• **Description of the task**:
Below are the records; restate all of them word for word.

══════

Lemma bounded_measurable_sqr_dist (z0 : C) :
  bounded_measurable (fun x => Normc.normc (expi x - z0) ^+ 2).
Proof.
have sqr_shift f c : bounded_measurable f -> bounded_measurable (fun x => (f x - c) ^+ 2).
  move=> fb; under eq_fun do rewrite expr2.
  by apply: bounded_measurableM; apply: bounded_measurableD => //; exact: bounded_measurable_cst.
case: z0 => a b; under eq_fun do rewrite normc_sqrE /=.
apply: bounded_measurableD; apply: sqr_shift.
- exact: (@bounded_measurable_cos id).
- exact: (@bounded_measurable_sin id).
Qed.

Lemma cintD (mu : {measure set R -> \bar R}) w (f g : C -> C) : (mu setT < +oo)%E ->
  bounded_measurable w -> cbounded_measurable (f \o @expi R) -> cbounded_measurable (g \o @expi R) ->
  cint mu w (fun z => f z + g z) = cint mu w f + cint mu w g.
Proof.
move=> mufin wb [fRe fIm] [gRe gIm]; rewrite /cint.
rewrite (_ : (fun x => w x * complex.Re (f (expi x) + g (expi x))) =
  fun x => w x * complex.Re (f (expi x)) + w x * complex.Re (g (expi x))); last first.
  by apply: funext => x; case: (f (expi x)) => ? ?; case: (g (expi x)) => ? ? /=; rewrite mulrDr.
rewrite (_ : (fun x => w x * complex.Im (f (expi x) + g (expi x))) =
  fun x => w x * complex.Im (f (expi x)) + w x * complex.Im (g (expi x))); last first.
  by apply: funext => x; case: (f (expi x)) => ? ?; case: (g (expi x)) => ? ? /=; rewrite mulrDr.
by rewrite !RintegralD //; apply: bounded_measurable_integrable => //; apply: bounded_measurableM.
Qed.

══════

• **Task answer**:
Lemma bounded_measurable_sqr_dist (z0 : C) :
  bounded_measurable (fun x => Normc.normc (expi x - z0) ^+ 2).
Proof.
have sqr_shift f c : bounded_measurable f -> bounded_measurable (fun x => (f x - c) ^+ 2).
  move=> fb; under eq_fun do rewrite expr2.
  by apply: bounded_measurableM; apply: bounded_measurableD => //; exact: bounded_measurable_cst.
case: z0 => a b; under eq_fun do rewrite normc_sqrE /=.
apply: bounded_measurableD; apply: sqr_shift.
- exact: (@bounded_measurable_cos id).
- exact: (@bounded_measurable_sin id).
Qed.

Lemma cintD (mu : {measure set R -> \bar R}) w (f g : C -> C) : (mu setT < +oo)%E ->
  bounded_measurable w -> cbounded_measurable (f \o @expi R) -> cbounded_measurable (g \o @expi R) ->
  cint mu w (fun z => f z + g z) = cint mu w f + cint mu w g.
Proof.
move=> mufin wb [fRe fIm] [gRe gIm]; rewrite /cint.
rewrite (_ : (fun x => w x * complex.Re (f (expi x) + g (expi x))) =
  fun x => w x * complex.Re (f (expi x)) + w x * complex.Re (g (expi x))); last first.
  by apply: funext => x; case: (f (expi x)) => ? ?; case: (g (expi x)) => ? ? /=; rewrite mulrDr.
rewrite (_ : (fun x => w x * complex.Im (f (expi x) + g (expi x))) =
  fun x => w x * complex.Im (f (expi x)) + w x * complex.Im (g (expi x))); last first.
  by apply: funext => x; case: (f (expi x)) => ? ?; case: (g (expi x)) => ? ? /=; rewrite mulrDr.
by rewrite !RintegralD //; apply: bounded_measurable_integrable => //; apply: bounded_measurableM.
Qed.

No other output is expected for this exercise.